INSTRUCTIONS TO FOLLOW ▸
When the string "rewrite" is part of a line below, that line should be copied.

---- SUPPLIED RECORDS

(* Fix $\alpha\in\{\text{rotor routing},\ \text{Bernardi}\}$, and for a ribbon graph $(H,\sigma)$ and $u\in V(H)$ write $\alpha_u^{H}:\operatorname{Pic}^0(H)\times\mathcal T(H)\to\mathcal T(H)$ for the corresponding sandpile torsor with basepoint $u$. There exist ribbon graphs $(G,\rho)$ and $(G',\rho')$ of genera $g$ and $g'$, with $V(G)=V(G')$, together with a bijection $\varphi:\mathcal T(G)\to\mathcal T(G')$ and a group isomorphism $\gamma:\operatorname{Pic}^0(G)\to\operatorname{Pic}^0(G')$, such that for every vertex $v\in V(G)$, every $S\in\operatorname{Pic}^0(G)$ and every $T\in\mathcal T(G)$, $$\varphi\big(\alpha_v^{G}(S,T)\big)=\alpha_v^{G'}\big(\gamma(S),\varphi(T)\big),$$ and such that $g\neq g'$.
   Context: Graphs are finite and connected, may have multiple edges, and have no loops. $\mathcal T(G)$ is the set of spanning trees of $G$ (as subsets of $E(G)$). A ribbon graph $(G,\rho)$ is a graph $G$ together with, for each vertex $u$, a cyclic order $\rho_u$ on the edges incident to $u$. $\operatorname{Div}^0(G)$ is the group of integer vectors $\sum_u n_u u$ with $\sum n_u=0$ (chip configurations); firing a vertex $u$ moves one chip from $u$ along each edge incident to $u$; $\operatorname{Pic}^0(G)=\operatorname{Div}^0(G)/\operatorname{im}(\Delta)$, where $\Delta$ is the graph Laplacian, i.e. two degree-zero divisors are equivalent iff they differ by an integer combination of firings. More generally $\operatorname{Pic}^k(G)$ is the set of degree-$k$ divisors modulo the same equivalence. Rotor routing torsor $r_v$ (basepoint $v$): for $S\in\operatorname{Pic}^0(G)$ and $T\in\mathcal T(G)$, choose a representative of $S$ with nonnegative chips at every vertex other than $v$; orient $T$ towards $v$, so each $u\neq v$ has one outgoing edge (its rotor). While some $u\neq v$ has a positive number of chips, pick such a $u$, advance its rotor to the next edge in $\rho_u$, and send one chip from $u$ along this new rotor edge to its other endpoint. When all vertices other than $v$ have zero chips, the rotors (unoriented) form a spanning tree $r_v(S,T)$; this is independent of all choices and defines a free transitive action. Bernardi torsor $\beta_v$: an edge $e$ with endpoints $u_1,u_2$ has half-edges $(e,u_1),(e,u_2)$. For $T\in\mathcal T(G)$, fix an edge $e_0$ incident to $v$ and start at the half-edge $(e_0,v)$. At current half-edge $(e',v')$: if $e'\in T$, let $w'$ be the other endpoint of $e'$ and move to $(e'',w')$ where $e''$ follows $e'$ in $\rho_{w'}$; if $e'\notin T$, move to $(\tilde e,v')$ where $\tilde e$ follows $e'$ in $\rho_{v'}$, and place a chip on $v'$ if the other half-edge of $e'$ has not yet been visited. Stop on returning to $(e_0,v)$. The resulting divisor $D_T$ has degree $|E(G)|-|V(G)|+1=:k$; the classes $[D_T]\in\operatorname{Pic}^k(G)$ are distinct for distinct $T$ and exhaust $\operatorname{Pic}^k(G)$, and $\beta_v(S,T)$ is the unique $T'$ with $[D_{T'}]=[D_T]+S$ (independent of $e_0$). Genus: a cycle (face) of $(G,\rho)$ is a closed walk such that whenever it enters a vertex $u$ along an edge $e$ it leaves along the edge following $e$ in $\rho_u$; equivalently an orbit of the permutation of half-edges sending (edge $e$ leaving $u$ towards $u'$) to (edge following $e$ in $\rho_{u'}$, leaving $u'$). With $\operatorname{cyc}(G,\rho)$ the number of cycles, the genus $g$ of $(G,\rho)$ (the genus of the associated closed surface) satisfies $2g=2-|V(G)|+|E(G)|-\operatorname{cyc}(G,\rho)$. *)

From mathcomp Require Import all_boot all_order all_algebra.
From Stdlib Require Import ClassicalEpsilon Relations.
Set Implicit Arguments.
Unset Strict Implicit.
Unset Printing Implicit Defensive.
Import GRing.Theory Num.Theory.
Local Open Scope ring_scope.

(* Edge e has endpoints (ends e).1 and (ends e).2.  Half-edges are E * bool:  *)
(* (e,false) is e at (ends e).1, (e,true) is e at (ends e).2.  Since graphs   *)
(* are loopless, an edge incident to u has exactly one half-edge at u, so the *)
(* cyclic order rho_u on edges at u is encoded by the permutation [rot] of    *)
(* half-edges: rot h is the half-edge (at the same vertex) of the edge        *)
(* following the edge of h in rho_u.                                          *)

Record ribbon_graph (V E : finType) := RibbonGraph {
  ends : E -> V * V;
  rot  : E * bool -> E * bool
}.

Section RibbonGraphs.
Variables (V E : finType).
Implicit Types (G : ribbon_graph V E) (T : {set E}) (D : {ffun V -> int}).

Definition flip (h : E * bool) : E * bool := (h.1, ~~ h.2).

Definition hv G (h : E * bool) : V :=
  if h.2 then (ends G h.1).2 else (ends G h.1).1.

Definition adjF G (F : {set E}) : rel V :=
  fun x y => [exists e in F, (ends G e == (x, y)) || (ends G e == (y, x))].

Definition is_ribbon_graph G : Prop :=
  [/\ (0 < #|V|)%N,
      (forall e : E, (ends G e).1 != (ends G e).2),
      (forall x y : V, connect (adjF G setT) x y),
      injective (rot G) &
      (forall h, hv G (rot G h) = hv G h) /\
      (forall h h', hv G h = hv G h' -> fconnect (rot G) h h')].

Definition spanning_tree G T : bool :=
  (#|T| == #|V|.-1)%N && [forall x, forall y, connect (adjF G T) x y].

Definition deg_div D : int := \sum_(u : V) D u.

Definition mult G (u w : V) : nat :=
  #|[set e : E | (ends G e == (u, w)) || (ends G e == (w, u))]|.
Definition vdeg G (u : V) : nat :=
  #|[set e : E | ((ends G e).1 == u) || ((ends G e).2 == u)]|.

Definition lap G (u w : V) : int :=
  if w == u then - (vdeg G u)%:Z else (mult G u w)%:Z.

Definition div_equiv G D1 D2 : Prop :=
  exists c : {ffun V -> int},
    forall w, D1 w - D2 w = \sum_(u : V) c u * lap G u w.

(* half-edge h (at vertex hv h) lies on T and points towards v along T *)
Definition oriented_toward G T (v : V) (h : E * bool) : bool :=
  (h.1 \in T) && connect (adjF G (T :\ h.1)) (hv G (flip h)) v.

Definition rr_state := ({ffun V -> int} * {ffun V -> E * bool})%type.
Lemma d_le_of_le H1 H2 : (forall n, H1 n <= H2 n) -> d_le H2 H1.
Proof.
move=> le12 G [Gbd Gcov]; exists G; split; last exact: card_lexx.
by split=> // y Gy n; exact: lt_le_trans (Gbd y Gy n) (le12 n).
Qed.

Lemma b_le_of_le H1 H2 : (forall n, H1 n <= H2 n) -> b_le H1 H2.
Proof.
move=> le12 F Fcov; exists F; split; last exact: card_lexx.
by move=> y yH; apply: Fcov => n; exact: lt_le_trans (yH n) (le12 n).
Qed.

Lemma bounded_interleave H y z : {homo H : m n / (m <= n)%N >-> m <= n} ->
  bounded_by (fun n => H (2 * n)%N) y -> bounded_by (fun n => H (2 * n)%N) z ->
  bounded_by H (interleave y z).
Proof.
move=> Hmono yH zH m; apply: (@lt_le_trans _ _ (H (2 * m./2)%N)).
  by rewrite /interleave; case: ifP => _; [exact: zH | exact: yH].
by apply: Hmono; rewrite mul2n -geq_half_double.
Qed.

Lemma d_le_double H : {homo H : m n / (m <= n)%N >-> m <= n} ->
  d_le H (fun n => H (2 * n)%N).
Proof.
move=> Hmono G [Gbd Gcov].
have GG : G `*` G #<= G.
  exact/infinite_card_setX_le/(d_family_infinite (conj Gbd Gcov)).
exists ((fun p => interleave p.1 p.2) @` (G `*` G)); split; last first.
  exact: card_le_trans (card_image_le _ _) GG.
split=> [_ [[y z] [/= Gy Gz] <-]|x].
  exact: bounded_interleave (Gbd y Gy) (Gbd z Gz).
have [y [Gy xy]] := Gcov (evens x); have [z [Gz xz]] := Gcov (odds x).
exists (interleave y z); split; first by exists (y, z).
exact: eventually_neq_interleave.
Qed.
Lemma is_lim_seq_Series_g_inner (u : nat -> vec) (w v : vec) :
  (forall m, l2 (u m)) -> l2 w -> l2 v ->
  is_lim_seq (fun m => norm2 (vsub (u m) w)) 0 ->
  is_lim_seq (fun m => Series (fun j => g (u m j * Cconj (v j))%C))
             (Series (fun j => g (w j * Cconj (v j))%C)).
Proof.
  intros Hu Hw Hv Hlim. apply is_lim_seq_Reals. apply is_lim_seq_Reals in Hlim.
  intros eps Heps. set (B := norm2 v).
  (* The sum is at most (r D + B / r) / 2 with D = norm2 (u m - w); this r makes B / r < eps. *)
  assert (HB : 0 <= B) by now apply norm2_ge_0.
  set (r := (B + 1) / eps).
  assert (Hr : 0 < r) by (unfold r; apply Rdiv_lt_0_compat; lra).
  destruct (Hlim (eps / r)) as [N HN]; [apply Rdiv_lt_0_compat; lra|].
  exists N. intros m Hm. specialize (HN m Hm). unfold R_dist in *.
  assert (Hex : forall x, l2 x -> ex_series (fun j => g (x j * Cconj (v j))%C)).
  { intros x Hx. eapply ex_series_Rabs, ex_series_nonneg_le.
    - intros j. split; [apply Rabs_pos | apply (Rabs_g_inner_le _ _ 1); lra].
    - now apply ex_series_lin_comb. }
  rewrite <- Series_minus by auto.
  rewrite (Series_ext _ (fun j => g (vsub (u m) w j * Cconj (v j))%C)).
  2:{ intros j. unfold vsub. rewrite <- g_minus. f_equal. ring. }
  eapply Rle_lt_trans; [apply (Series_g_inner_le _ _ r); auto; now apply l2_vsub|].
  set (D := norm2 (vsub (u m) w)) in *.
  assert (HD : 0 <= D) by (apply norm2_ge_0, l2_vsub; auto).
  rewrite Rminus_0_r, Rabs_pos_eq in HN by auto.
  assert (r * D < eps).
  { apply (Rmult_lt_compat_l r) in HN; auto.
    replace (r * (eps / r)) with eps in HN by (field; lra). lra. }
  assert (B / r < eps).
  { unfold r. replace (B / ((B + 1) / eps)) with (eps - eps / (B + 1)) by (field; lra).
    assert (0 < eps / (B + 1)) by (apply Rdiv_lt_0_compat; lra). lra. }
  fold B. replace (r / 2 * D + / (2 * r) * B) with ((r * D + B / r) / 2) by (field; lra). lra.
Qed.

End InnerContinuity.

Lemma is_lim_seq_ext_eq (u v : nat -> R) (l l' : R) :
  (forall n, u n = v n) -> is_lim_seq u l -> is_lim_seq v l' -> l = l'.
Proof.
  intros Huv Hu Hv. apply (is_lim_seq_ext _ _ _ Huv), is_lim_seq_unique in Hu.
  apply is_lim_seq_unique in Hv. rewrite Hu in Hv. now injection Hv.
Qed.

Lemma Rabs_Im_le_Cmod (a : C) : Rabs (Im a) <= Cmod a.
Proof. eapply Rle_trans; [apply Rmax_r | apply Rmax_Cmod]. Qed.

--------

SOLUTION BELOW ▸
  by rewrite /interleave; case: ifP => _; [exact: zH | exact: yH].
by apply: Hmono; rewrite mul2n -geq_half_double.
  rewrite <- Series_minus by auto.
  rewrite (Series_ext _ (fun j => g (vsub (u m) w j * Cconj (v j))%C)).
  2:{ intros j. unfold vsub. rewrite <- g_minus. f_equal. ring. }
  rewrite Rminus_0_r, Rabs_pos_eq in HN by auto.
  apply is_lim_seq_unique in Hv. rewrite Hu in Hv. now injection Hv.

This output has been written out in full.